任意調査と強制調査(マルサ)の違いを最初に整理する

税務調査の連絡を受けたとき、最初に見るべきなのは目的・権限・刑事リスクです。

税務署や国税局から連絡が来たときは、まず行政指導、通常の税務調査、国税局査察部門による強制調査を分けて考えることが重要です。通常の税務調査は申告内容を確認する行政上の手続であり、マルサと呼ばれる査察調査は悪質な脱税の嫌疑を解明し、検察官への告発を視野に入れる犯則事件の調査です。

次の重要ポイントは、このページ全体で扱う結論を一つにまとめたものです。目的の違いを先に押さえると、帳簿や電子データへの対応、修正申告の判断、弁護士と税理士の役割分担を読み違えにくくなります。読者は「行政上の確認」か「刑事責任に近い調査」かという軸で読み取ってください。

最大の違いは目的と権限です

任意調査は課税標準や税額を確認するための行政調査です。強制調査(マルサ)は犯則事実の解明と刑事告発を見据え、裁判官の許可状に基づく臨検・捜索・差押えが問題になります。

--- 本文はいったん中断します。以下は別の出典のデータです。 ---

(* $\mathfrak{ss}_{cc}\leq\mathfrak d$ and $\mathfrak b\leq\mathfrak{ss}_{cc}^\perp$.
   Context: Let $\mathfrak S$ be the set of all sequences $\mathbf a=\langle a_i:i\in\omega\rangle$ of rational numbers with $a_i\to 0$. Let $[\omega]^\omega_\omega$ denote the set of infinite coinfinite subsets of $\omega$. For infinite $X\subseteq\omega$ with increasing enumeration $\langle i_n\rangle$ write $\sum_X\mathbf a$ for $\sum_n a_{i_n}$. A series is convergent if its partial sums converge to a real number; it is conditional if $\sum_{\{i:a_i>0\}}\mathbf a=\infty$ and $\sum_{\{i:a_i<0\}}\mathbf a=-\infty$; conditionally convergent if both. Let $\mathfrak S_{cc}$ be the set of $\mathbf a\in\mathfrak S$ with $\sum\mathbf a$ conditionally convergent. $\mathfrak{ss}_{cc}$ is the least cardinality of a family $\mathcal X\subseteq[\omega]^\omega_\omega$ such that for every $\mathbf a\in\mathfrak S_{cc}$ there is $X\in\mathcal X$ with $\sum_X\mathbf a$ conditionally convergent; $\mathfrak{ss}_{cc}^\perp$ is the least cardinality of a family $\mathcal A\subseteq\mathfrak S_{cc}$ such that no $X\in[\omega]^\omega_\omega$ makes $\sum_X\mathbf a$ conditionally convergent for all $\mathbf a\in\mathcal A$. $\mathfrak b$ and $\mathfrak d$ are the bounding and dominating numbers. *)

From HB Require Import structures.
From mathcomp Require Import all_boot all_order all_algebra.
From mathcomp Require Import all_classical all_reals all_analysis.
From mathcomp Require Import Rstruct Rstruct_topology.
Set Implicit Arguments. Unset Strict Implicit. Unset Printing Implicit Defensive.
Import Order.TTheory GRing.Theory Num.Theory.
Local Open Scope classical_set_scope.
Local Open Scope ring_scope.

Definition toR (a : nat -> rat) : nat -> Rdefinitions.R := fun n => ratr (a n).

Definition series_convergent (b : nat -> rat) : Prop :=
  cvgn (series (toR b)).

Definition series_conditional (b : nat -> rat) : Prop :=
  ((fun N : nat => \sum_(i < N | (0 < b i)%R) (toR b i)) @ \oo --> +oo)%classic
  /\ ((fun N : nat => \sum_(i < N | (b i < 0)%R) (toR b i)) @ \oo --> -oo)%classic.

Definition cond_convergent (b : nat -> rat) : Prop :=
  series_convergent b /\ series_conditional b.

Definition in_S (a : nat -> rat) : Prop := (toR a @ \oo --> (0 : Rdefinitions.R))%classic.

Definition in_Scc (a : nat -> rat) : Prop := in_S a /\ cond_convergent a.

Definition inf_coinf (X : set nat) : Prop := infinite_set X /\ infinite_set (~` X).

(* sum_X a is conditionally convergent, where sum_X a = sum_n a_(i_n) for the
   increasing enumeration <i_n> of X. *)
Definition sub_cc (X : set nat) (a : nat -> rat) : Prop :=
  exists i : nat -> nat, (forall n m, (n < m)%N -> (i n < i m)%N) /\
    range i = X /\ cond_convergent (fun n => a (i n)).

Definition eventually_le (g f : nat -> nat) : Prop :=
  exists n0, forall n, (n0 <= n)%N -> (g n <= f n)%N.

Definition dominating (D : set (nat -> nat)) : Prop :=
  forall g, exists2 f, D f & eventually_le g f.

Definition unbounded (B : set (nat -> nat)) : Prop :=
  forall g, exists2 f, B f & ~ eventually_le f g.

From mathcomp Require Import all_boot all_order all_algebra.
From mathcomp Require Import all_classical all_reals all_analysis.
From mathcomp Require Import Rstruct lra zify.
Import Order.TTheory GRing.Theory Num.Theory numFieldNormedType.Exports.
Local Open Scope classical_set_scope.
Local Open Scope ring_scope.

(* For f : nat -> nat, run through the naturals and skip the index following
   the current one as soon as it reaches f (k + 1), where k indices have been
   skipped so far; the retained set X_f is infinite and coinfinite. For a null
   sequence a, let h_a n be an index beyond which |a_j| <= 2^-n. If h_a <=* f,
   then for large k the (k + 1)-st skipped index j satisfies
   j >= f (k + 1) >= h_a (k + 1), so |a_j| <= 2^-(k + 1): the skipped terms form
   an absolutely convergent series. Hence the partial sums of a over X_f, and
   those of its positive and negative parts, are partial sums over omega taken
   along a subsequence, minus a convergent sequence, and sum_(X_f) a is
   conditionally convergent. Thus {X_f : f in D} witnesses ss_cc for any
   dominating D, and if A witnesses ss_cc^perp then {h_a : a in A} is unbounded,
   since a bound g would make X_g work for every a in A. *)

Lemma unbounded_nat_infinite (A : set nat) :
  (forall N, exists2 n, (N <= n)%N & A n) -> infinite_set A.
Proof.
move=> unbA /finite_fsetP[X AX].
have [n ge_n An] := unbA (\max_(x <- finmap.enum_fset X) x).+1.
have Xn : n \in finmap.enum_fset X by move: An; rewrite AX.
by have := leq_trans ge_n (leq_bigmax_seq _ Xn isT); rewrite ltnn.
Qed.

Section Thinning.
Variable f : nat -> nat.

(* (i, c): the current retained index and the number of indices skipped so far. *)
Fixpoint thin_state (m : nat) : nat * nat :=
  if m is m'.+1 then
    let: (i, c) := thin_state m' in
    if (f c.+1 <= i.+1)%N then (i.+2, c.+1) else (i.+1, c)
  else (0, 0)%N.

Definition thin_idx m := (thin_state m).1.
Definition thin_count m := (thin_state m).2.
Definition thin_skip m : bool := (f (thin_count m).+1 <= (thin_idx m).+1)%N.
Definition thin_set : set nat := range thin_idx.

Lemma thin_idxS m : thin_idx m.+1 = (thin_idx m + 1 + thin_skip m)%N.
Proof.
rewrite /thin_skip /thin_idx /thin_count /=.
by case: (thin_state m) => i c /=; case: ifP => skip /=; rewrite ?skip /=; lia.
Qed.

Lemma thin_countS m : thin_count m.+1 = (thin_count m + thin_skip m)%N.
Proof.
rewrite /thin_skip /thin_idx /thin_count /=.
by case: (thin_state m) => i c /=; case: ifP => skip /=; rewrite ?skip /=; lia.
Qed.

Lemma thin_idx_increasing : {homo thin_idx : m n / (m < n)%N}.
Proof. by apply: homo_ltn => [y x z|m]; [exact: ltn_trans | rewrite thin_idxS; lia]. Qed.

Lemma thin_idx_nondecreasing : {homo thin_idx : m n / (m <= n)%N}.
Proof. exact/ltnW_homo/thin_idx_increasing. Qed.

Lemma thin_idx_ge m : (m <= thin_idx m)%N.
Proof. by elim: m => [|m IHm] //; rewrite thin_idxS; lia. Qed.

Lemma thin_count_nondecreasing : {homo thin_count : m n / (m <= n)%N}.
Proof. by apply: homo_leq => [//|y x z|m]; [exact: leq_trans | rewrite thin_countS; lia]. Qed.

Lemma thin_skip_infinitely_often N : exists2 m, (N <= m)%N & thin_skip m.
Proof.
apply: contrapT => no_skip.
have {}no_skip m : (N <= m)%N -> thin_skip m = false.
  by move=> le_Nm; apply/negP => skm; apply: no_skip; exists m.
have count_const k : thin_count (N + k) = thin_count N.
  by elim: k => [|k IHk]; rewrite ?addn0 // addnS thin_countS IHk no_skip ?addn0 //; lia.
pose m := (N + f (thin_count N).+1)%N.
have := no_skip m (leq_addr _ _); rewrite /thin_skip count_const.
by have := thin_idx_ge m; case: leqP => //; lia.
Qed.

Lemma thin_count_unbounded k : exists M, (k <= thin_count M)%N.
Proof.
elim: k => [|k [M le_kM]]; first by exists 0%N.
have [m le_Mm skm] := thin_skip_infinitely_often M.
exists m.+1; rewrite thin_countS skm.
by have := thin_count_nondecreasing _ _ le_Mm; lia.
Qed.

Lemma thin_set_inf_coinf : inf_coinf thin_set.
Proof.
split; apply: unbounded_nat_infinite => N.
  by exists (thin_idx N); [exact: thin_idx_ge | exists N].
have [m le_Nm skm] := thin_skip_infinitely_often N.
exists (thin_idx m).+1; first by have := thin_idx_ge m; lia.
move=> [k _ ikm]; case: (leqP k m) => [le_km|lt_mk].
  by have := thin_idx_nondecreasing _ _ le_km; rewrite ikm; lia.
by have := thin_idx_nondecreasing _ _ lt_mk; rewrite ikm thin_idxS skm; lia.
Qed.

Lemma thin_idx_cvg : thin_idx @ \oo --> \oo.
Proof.
move=> P [N _ NP]; exists N => // n /= le_Nn; apply: NP.
by have := thin_idx_ge n; rewrite /=; lia.
Qed.

Definition skipped_terms {V : zmodType} (w : V ^nat) m : V :=
  if thin_skip m then w (thin_idx m).+1 else 0.

Lemma series_thin_idx {V : zmodType} (w : V ^nat) M :
  series (w \o thin_idx) M = series w (thin_idx M) - series (skipped_terms w) M.
Proof.
elim: M => [|M IHM]; first by rewrite /series /= !big_geq // subrr.
rewrite !seriesSr IHM thin_idxS addn1 {3}/skipped_terms.
case: (thin_skip M); rewrite ?addn1 ?addn0 !seriesSr ?addr0 addrAC //.
by rewrite opprD addrACA subrr addr0.
Qed.

End Thinning.

Section RealSeries.
Context {R : realType}.

Lemma cvg_series_telescoping_majorant (t g : R ^nat) M :
  (forall m, 0 <= g m) -> (forall m, (M <= m)%N -> `|t m| <= g m - g m.+1) ->
  cvgn (series t).
Proof.
move=> g_ge0 t_le.
pose nt := series (fun k => `|t k|).
have nd : nondecreasing_seq nt.
  by move=> m n; exact: (@nondecreasing_series _ (fun k => `|t k|) xpredT 0%N).
apply: normed_cvg; apply: nondecreasing_is_cvgn => //.
exists (nt M + g M) => _ [N _ <-] /=.
apply: le_trans (nd N (N + M)%N (leq_addr _ _)) _.
rewrite /nt series_addn lerD2l.
apply: (@le_trans _ _ (\sum_(M <= m < N + M) (g m - g m.+1))).
  by apply: ler_sum_nat => m /andP[le_Mm _]; exact: t_le.
under eq_bigr do rewrite -opprB.
rewrite sumrN telescope_sumr ?leq_addl // opprB lerBlDr lerDl.
exact: g_ge0.
Qed.

Lemma cvgry_subr (u v : R ^nat) :
  u @ \oo --> +oo -> cvgn v -> (u - v) @ \oo --> +oo.
Proof.
move=> /cvgryPge uy /cvg_bounded/ex_bound[M vM]; apply/cvgryPge => A.
near=> n; rewrite !fctE.
have : A + M <= u n by near: n; exact: uy.
have : `|v n| <= M by near: n; exact: vM.
rewrite ler_norml => /andP[_ ?]; lra.
Unshelve. all: by end_near. Qed.

Lemma cvgrNy_subr (u v : R ^nat) :
  u @ \oo --> -oo -> cvgn v -> (u - v) @ \oo --> -oo.
Proof.
move=> /cvgrNyPle uNy /cvg_bounded/ex_bound[M vM]; apply/cvgrNyPle => A.
near=> n; rewrite !fctE.
have : u n <= A - M by near: n; exact: uNy.
have : `|v n| <= M by near: n; exact: vM.
rewrite ler_norml => /andP[? _]; lra.
Unshelve. all: by end_near. Qed.

Definition null_modulus (u : R ^nat) (n : nat) : nat :=
  xget 0%N [set m | forall j, (m <= j)%N -> `|u j| <= 2^-1 ^+ n].

Lemma null_modulusP (u : R ^nat) n j :
  u @ \oo --> 0 -> (null_modulus u n <= j)%N -> `|u j| <= 2^-1 ^+ n.
Proof.
move=> u0; move: j.
suff: [set m | forall j, (m <= j)%N -> `|u j| <= 2^-1 ^+ n] (null_modulus u n) by [].
apply: xgetPex.
have [|N _ uN] := cvgr_dist_le _ _ u0 (2^-1 ^+ n).
  by rewrite exprn_gt0 // invr_gt0.
by exists N => j /uN; rewrite sub0r normrN.
Qed.

End RealSeries.

Section ThinnedSeries.
Context {R : realType} (f : nat -> nat) (u : R ^nat).
Hypotheses (u0 : u @ \oo --> 0) (modulus_le_f : eventually_le (null_modulus u) f).

Lemma cvg_series_skipped_terms (w : R ^nat) :
  (forall j, `|w j| <= `|u j|) -> cvgn (series (skipped_terms f w)).
Proof.
move=> w_le; have [n0 le_n0] := modulus_le_f.
have [M le_n0M] := thin_count_unbounded f n0.
(* A skip at step m adds one to the count, and 2^-c - 2^-(c+1) = 2^-(c+1). *)
apply: (@cvg_series_telescoping_majorant _ _ (fun m => 2^-1 ^+ thin_count f m) M).
  by move=> m; rewrite exprn_ge0 // invr_ge0.
move=> m le_Mm; rewrite thin_countS /skipped_terms.
case: ifP => [skm|_]; last by rewrite addn0 subrr normr0.
have -> : 2^-1 ^+ thin_count f m - 2^-1 ^+ (thin_count f m + true) =
          2^-1 ^+ (thin_count f m).+1 :> R by rewrite addn1 !exprS; lra.
apply: le_trans (w_le _) _; apply: null_modulusP => //.
have : (null_modulus u (thin_count f m).+1 <= f (thin_count f m).+1)%N.
  by apply: le_n0; have := thin_count_nondecreasing f _ _ le_Mm; lia.
by move: skm; rewrite /thin_skip; lia.
Qed.

Lemma thinned_series (w : R ^nat) : (forall j, `|w j| <= `|u j|) ->
  [/\ cvgn (series w) -> cvgn (series (w \o thin_idx f)),
      series w @ \oo --> +oo -> series (w \o thin_idx f) @ \oo --> +oo &
      series w @ \oo --> -oo -> series (w \o thin_idx f) @ \oo --> -oo].
Proof.
move=> /cvg_series_skipped_terms cvg_skipped.
have -> : series (w \o thin_idx f) = series w \o thin_idx f - series (skipped_terms f w).
  by apply/funext => M; rewrite series_thin_idx.
split=> [cvg_w|wy|wNy].
- by apply: is_cvgB => //; apply: cvgP (cvg_comp _ _ (thin_idx_cvg f) cvg_w).
- exact: cvgry_subr (cvg_comp _ _ (thin_idx_cvg f) wy) cvg_skipped.
- exact: cvgrNy_subr (cvg_comp _ _ (thin_idx_cvg f) wNy) cvg_skipped.
Qed.

End ThinnedSeries.

Lemma sum_cond_series {V : zmodType} (u : V ^nat) (P : pred nat) :
  (fun N => \sum_(i < N | P i) u i) = series (fun i => if P i then u i else 0).
Proof. by apply/funext => N; rewrite seriesEord big_mkcond. Qed.

Lemma sub_cc_thin_set (f : nat -> nat) (a : nat -> rat) :
  in_Scc a -> eventually_le (null_modulus (toR a)) f -> sub_cc (thin_set f) a.
Proof.
move=> [a0 [cvg_a [pos_a neg_a]]] le_f.
have restrict_le (P : pred nat) j :
    `|(if P j then toR a j else 0)| <= `|toR a j|.
  by case: (P j); rewrite ?normr0.
exists (thin_idx f); split; first exact: thin_idx_increasing.
have thin P := thinned_series f _ a0 le_f _ (restrict_le P).
split=> //; split; last split.
- by have [+ _ _] := thin xpredT; apply.
- move: pos_a; rewrite (sum_cond_series _ (fun i => 0 < a i)).
  rewrite (sum_cond_series _ (fun i => 0 < a (thin_idx f i))).
  by case: (thin (fun i => 0 < a i)).
- move: neg_a; rewrite (sum_cond_series _ (fun i => a i < 0)).
  rewrite (sum_cond_series _ (fun i => a (thin_idx f i) < 0)).
  by case: (thin (fun i => a i < 0)).
Qed.

Theorem mainTheorem5 :
  (forall D : set (nat -> nat), dominating D ->
     exists F : (nat -> nat) -> set nat,
       (forall f, D f -> inf_coinf (F f)) /\
       (forall a, in_Scc a -> exists2 f, D f & sub_cc (F f) a))
  /\
  (forall A : set (nat -> rat), A `<=` in_Scc ->
     (forall X : set nat, inf_coinf X -> exists2 a, A a & ~ sub_cc X a) ->
     exists G : (nat -> rat) -> (nat -> nat), unbounded (G @` A)).
Proof.
split=> [D D_dom|A A_Scc A_perp].
- exists thin_set; split=> [f _|a a_Scc]; first exact: thin_set_inf_coinf.
  have [f Df le_f] := D_dom (null_modulus (toR a)).
  by exists f => //; exact: sub_cc_thin_set.
- exists (fun a => null_modulus (toR a)) => g; apply: contrapT => bounded_by_g.
  have [a Aa] := A_perp _ (thin_set_inf_coinf g); apply.
  apply: sub_cc_thin_set; first exact: A_Scc.
  apply: contrapT => not_le; apply: bounded_by_g.
  by exists (null_modulus (toR a)) => //; exists a.
Qed.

ただし、任意調査という名称は「自由に断れる」という意味ではありません。税務職員には国税通則法上の質問検査権があり、正当な理由のない不答弁、虚偽答弁、検査拒否、帳簿書類等の提示・提出拒否には罰則があり得ます。一方で、強制調査では物理的な証拠収集や供述対応、社内外への説明が刑事手続と企業信用に直結します。

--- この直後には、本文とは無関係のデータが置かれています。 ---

(* $\mathrm{NP}/\mathrm{rpoly}=\mathrm{ALL}$, i.e., every promise problem $A=(A_{yes},A_{no})$ over $\{0,1\}^*$ belongs to $\mathrm{NP}/\mathrm{rpoly}$.
   Context: NP/rpoly: $A=(A_{yes},A_{no})\in\mathrm{NP}/\mathrm{rpoly}$ iff there exist a classical probabilistic polynomial-time algorithm $M$ and a family $\{q_s\}_{s\in\mathbb{N}}$ of probability distributions $q_s$ on $\{0,1\}^{\mathrm{poly}(s)}$ (arbitrary, not required to be computable) such that, when $M$ is run on input $(x,b)$ with $b$ sampled from $q_{|x|}$, $\Pr(M\text{ accepts})>0$ if $x\in A_{yes}$ and $\Pr(M\text{ accepts})=0$ if $x\in A_{no}$. ALL denotes the class of all (promise) problems. *)

From Stdlib Require Import Reals List Arith Bool.
Import ListNotations.
Open Scope R_scope.

(* States are 0 .. nstates-1; 0 is the start state, 1 is the (halting)*)
(* accepting state; reaching a state >= nstates halts (rejecting).     *)
(* Since delta only matters on the finite domain {0..nstates-1} x sym, *)
(* a TM is a finite object.                                             *)

Inductive sym : Type := Blank | Zero | One | Sep.
Inductive move : Type := MLeft | MRight | MStay.

Record TM : Type := mkTM {
  nstates : nat;
  delta : nat -> sym -> (nat * sym * move)
}.

Record config : Type := mkConfig {
  cst : nat;
  cleft : list sym;   (* cells to the left of the head, nearest first *)
  ccur : sym;
  cright : list sym   (* cells to the right of the head, nearest first *)
}.

Definition step (M : TM) (c : config) : config :=
  if orb (Nat.eqb (cst c) 1) (negb (Nat.ltb (cst c) (nstates M))) then c
  else
    match delta M (cst c) (ccur c) with
    | (q, s, MLeft) =>
        match cleft c with
        | nil => mkConfig q nil Blank (s :: cright c)
        | h :: t => mkConfig q t h (s :: cright c)
        end
    | (q, s, MRight) =>
        match cright c with
        | nil => mkConfig q (s :: cleft c) Blank nil
        | h :: t => mkConfig q (s :: cleft c) h t
        end
    | (q, s, MStay) => mkConfig q (cleft c) s (cright c)
    end.

Definition init_config (w : list sym) : config :=
  match w with
  | nil => mkConfig 0 nil Blank nil
  | h :: t => mkConfig 0 nil h t
  end.

Definition run (M : TM) (t : nat) (c : config) : config := Nat.iter t (step M) c.

(* M accepts w within t steps (state 1 is absorbing). *)
Definition accepts_within (M : TM) (t : nat) (w : list sym) : bool :=
  Nat.eqb (cst (run M t (init_config w))) 1.

Definition poly_bound (c k n : nat) : nat := (c * n ^ k + c)%nat.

次の一覧は、税務署等からの接触を大きく3種類に分けたものです。どの入口にいるかを見極めることが重要で、読み取るべき点は、相手の要請が自主的な見直しなのか、質問検査権に基づく調査なのか、許可状を伴う査察なのかという違いです。

行政指導

自主的な見直しの要請

計算誤り、転記誤り、記載漏れ、法令適用誤りが疑われる場合に、修正申告等の自主的な対応を促されることがあります。担当者に調査か行政指導かを確認することが出発点です。

任意調査

質問検査権に基づく税務調査

申告内容、帳簿、取引実態を確認する行政調査です。物理的強制は原則ありませんが、適法な質問検査権には受忍義務があり、資料提出の範囲と必要性の整理が重要です。

強制調査

査察部門による犯則事件の調査

悪質な脱税の嫌疑を対象に、裁判官の許可状に基づく臨検・捜索・差押えが行われることがあります。初動、供述、電子データ、広報対応を統制する必要があります。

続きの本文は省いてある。